Lemma diff_slot_grad (X : normedModType R) (F : X -> R) (x : X) k
    (i : 'cV[R]_k -> X) (G : 'cV[R]_k -> R) (z : cV R k) :
  differentiable F x ->
  (forall a u v, i (a *: u + v) = a *: i u + i v) ->
  (forall v, G (v + z) = F (i v + x)) ->
  forall v, 'd F x (i v) = dotv v (grad G z).
Proof.
move=> dF i_lin Gi v.
have i0 : i 0 = 0.
  by rewrite -[X in i X](addr0 0) -[X in i (X + _)](scaler0 _ (-1)) i_lin scaleN1r addNr.
rewrite (@linear_dotvE _ (fun v => 'd F x (i v))) => [|a u w]; last by rewrite i_lin linearP.
congr dotv; apply/matrixP => j o; rewrite !mxE -deriveE // /derive.
have Fx : F x = G z by rewrite -[x]add0r -i0 -Gi add0r.
rewrite Fx; do 2 f_equal; apply: funext => h /=.
by rewrite -[h *: i _]addr0 -i0 -i_lin addr0 -Gi.
Qed.

Lemma grad_cst k (a : R) (z : 'cV[R]_k) : grad (fun _ => a) z = 0.
Proof. by apply/matrixP => i j; rewrite !mxE; exact: derive_cst. Qed.

Lemma pair_addE (U V : zmodType) (a c : U) (b d : V) :
  ((a, b) + (c, d) : U * V) = (a + c, b + d).
Proof. by []. Qed.

Lemma pair_scaleE (U V : lmodType R) (k : R) (a : U) (b : V) :
  (k *: ((a, b) : U * V)) = (k *: a, k *: b).
Proof. by []. Qed.

Definition uncurry6 {T1 T2 T3 T4 T5 T6 U : Type}
    (L : T1 -> T2 -> T3 -> T4 -> T5 -> T6 -> U)
    (p : ((T1 * T2) * (T3 * T4)) * (T5 * T6)) : U :=
  L p.1.1.1 p.1.1.2 p.1.2.1 p.1.2.2 p.2.1 p.2.2.

Lemma diff_uncurry6_grad n m
    (L : 'cV[R]_n -> 'cV[R]_n -> 'cV[R]_n -> 'cV[R]_n -> 'cV[R]_m -> 'cV[R]_m -> R)
    (q l q1 l1 w1 w2 w3 w4 : cV R n) (u1 u2 w5 w6 : cV R m) :
  differentiable (uncurry6 L) (((q, l), (q1, l1)), (u1, u2)) ->
  grad (fun u => L q l q1 l1 u u2) u1 = 0 -> grad (fun u => L q l q1 l1 u1 u) u2 = 0 ->
  'd (uncurry6 L) (((q, l), (q1, l1)), (u1, u2)) (((w1, w2), (w3, w4)), (w5, w6)) =
    dotv w1 (grad (fun a => L a l q1 l1 u1 u2) q)
  + dotv w2 (grad (fun a => L q a q1 l1 u1 u2) l)
  + dotv w3 (grad (fun a => L q l a l1 u1 u2) q1)
  + dotv w4 (grad (fun a => L q l q1 a u1 u2) l1).
Proof.
move=> dL crit_u1 crit_u2.
have -> : (((w1, w2), (w3, w4)), (w5, w6)) =
    (((w1, 0), (0, 0)), (0, 0)) + (((0, w2), (0, 0)), (0, 0))
  + (((0, 0), (w3, 0)), (0, 0)) + (((0, 0), (0, w4)), (0, 0))
  + (((0, 0), (0, 0)), (w5, 0)) + (((0, 0), (0, 0)), (0, w6)).
  by rewrite !pair_addE !addr0 !add0r.
rewrite !linearD.
have -> : 'd (uncurry6 L) (((q, l), (q1, l1)), (u1, u2)) (((0, 0), (0, 0)), (w5, 0)) = 0.
  rewrite (diff_slot_grad (i := fun v => (((0, 0), (0, 0)), (v, 0)))
    (G := fun a => L q l q1 l1 a u2) (z := u1) dL) ?crit_u1 ?dotvr0 //.
  - by move=> a u v; rewrite !pair_scaleE !pair_addE !scaler0 !addr0.
  - by move=> v; rewrite !pair_addE /uncurry6 /= !add0r.
have -> : 'd (uncurry6 L) (((q, l), (q1, l1)), (u1, u2)) (((0, 0), (0, 0)), (0, w6)) = 0.
  rewrite (diff_slot_grad (i := fun v => (((0, 0), (0, 0)), (0, v)))
    (G := fun a => L q l q1 l1 u1 a) (z := u2) dL) ?crit_u2 ?dotvr0 //.
  - by move=> a u v; rewrite !pair_scaleE !pair_addE !scaler0 !addr0.
  - by move=> v; rewrite !pair_addE /uncurry6 /= !add0r.
rewrite !addr0 (diff_slot_grad (i := fun v => (((v, 0), (0, 0)), (0, 0)))
          (G := fun a => L a l q1 l1 u1 u2) (z := q) dL)
  ?(diff_slot_grad (i := fun v => (((0, v), (0, 0)), (0, 0)))
          (G := fun a => L q a q1 l1 u1 u2) (z := l) dL)
  ?(diff_slot_grad (i := fun v => (((0, 0), (v, 0)), (0, 0)))
          (G := fun a => L q l a l1 u1 u2) (z := q1) dL)
  ?(diff_slot_grad (i := fun v => (((0, 0), (0, v)), (0, 0)))
          (G := fun a => L q l q1 a u1 u2) (z := l1) dL) //.
all: try by move=> a u v; rewrite !pair_scaleE !pair_addE !scaler0 !addr0.
all: by move=> v; rewrite !pair_addE /uncurry6 /= !add0r.
Qed.
(* Let $c\neq-\frac{22}{5}$. For all integers $n\ge1$, the following identity holds in $\mathcal{W}^c_3$: $$U_{0,0}\circ_0\partial^{n-1}W-\frac{64}{22+5c}\partial^n(:LLW:)+\frac{64}{22+5c}\partial^{n-1}(:(\partial L)LW:)-\frac{10(14+c)}{3(22+5c)}\partial^{n+2}(:LW:)$$ $$+\frac{86+5c}{22+5c}\partial^{n+1}(:(\partial L)W:)-\frac{26+3c}{22+5c}\partial^n(:(\partial^2L)W:)+\frac{2(c-2)}{3(22+5c)}\partial^{n-1}(:(\partial^3L)W:)-\frac{-186+11c+c^2}{36(22+5c)}\partial^{n+4}W=0.$$
   Context: For vertex algebra elements, $a(z)b(w)\sim\sum_{n\ge0}(a\circ_nb)(w)(z-w)^{-n-1}$ and $:ab:$ is the normally ordered product; iterated products are nested to the right, e.g. $:LLW:=\,:L(:LW:):$. For $c\ne-\frac{22}{5}$, $\mathcal{W}^c_3$ is the vertex algebra strongly generated by a Virasoro field $L$ and a weight $3$ primary field $W$ with OPEs $L(z)L(w)\sim \frac c2(z-w)^{-4}+2L(w)(z-w)^{-2}+\partial L(w)(z-w)^{-1}$, $L(z)W(w)\sim 3W(w)(z-w)^{-2}+\partial W(w)(z-w)^{-1}$, $W(z)W(w)\sim \frac c3(z-w)^{-6}+2L(w)(z-w)^{-4}+\partial L(w)(z-w)^{-3}+\big(\frac{32}{22+5c}:LL:+\frac{3(c-2)}{2(22+5c)}\partial^2L\big)(w)(z-w)^{-2}+\big(\frac{32}{22+5c}:(\partial L)L:+\frac{c-2}{3(22+5c)}\partial^3L\big)(w)(z-w)^{-1}$. $U_{0,0}=\,:WW:$. *)

From HB Require Import structures.
From mathcomp Require Import all_boot all_order all_algebra.
Set Implicit Arguments. Unset Strict Implicit. Unset Printing Implicit Defensive.
Import Order.TTheory GRing.Theory Num.Theory.
Local Open Scope ring_scope.

Definition binz (m : int) (j : nat) : int :=
  if (0 <= m) then ('C(absz m, j))%:Z
  else (-1) ^+ j * ('C(j + absz m - 1, j))%:Z.

Section VA.
Variables (K : fieldType) (V : lmodType K).
Variables (vac : V) (prod : int -> V -> V -> V).
(* prod n a b  =  a_(n) b  =  a \circ_n b *)

Definition vD (a : V) : V := prod (-2) a vac.
Definition vNO (a b : V) : V := prod (-1) a b.

Definition vertex_algebra : Prop :=
  [/\
      (forall n k a b x, prod n (k *: a + b) x = k *: prod n a x + prod n b x),
      (forall n k a x y, prod n a (k *: x + y) = k *: prod n a x + prod n a y),
      (forall a b, exists N : int, forall n, N <= n -> prod n a b = 0),
      (forall a, prod (-1) a vac = a) /\
      (forall a n, 0 <= n -> prod n a vac = 0) /\
      (forall a n, prod n vac a = if n == -1 then a else 0)
    &
      (forall a b x (m n k : int) (N : nat),
         (forall j : nat, (N <= j)%N ->
            [/\ prod (n + j%:Z) a b = 0, prod (k + j%:Z) b x = 0
              & prod (m + j%:Z) a x = 0]) ->
         \sum_(j < N) (binz m j)%:~R *: prod (m + k - j%:Z) (prod (n + j%:Z) a b) x
         = \sum_(j < N) ((-1) ^+ j * binz n j)%:~R *:
              (prod (m + n - j%:Z) a (prod (k + j%:Z) b x)
               - (-1) ^+ (absz n) *: prod (n + k - j%:Z) b (prod (m + j%:Z) a x)))].

(* V is strongly generated by gens: spanned by |0> and the normally ordered
   monomials :(\partial^{i1} g1)(:(\partial^{i2} g2)( ... |0>)...):. *)
Definition strongly_generated (gens : seq V) : Prop :=
  forall P : V -> Prop,
    P vac ->
    (forall u v, P u -> P v -> P (u + v)) ->
    (forall k u, P u -> P (k *: u)) ->
    (forall g i u, g \in gens -> P u -> P (vNO (iter i vD g) u)) ->
    forall v, P v.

****************

• What you are asked to do: Tally the lines in the records that hold the word "absz", and state only the resulting number.

• Task result: 3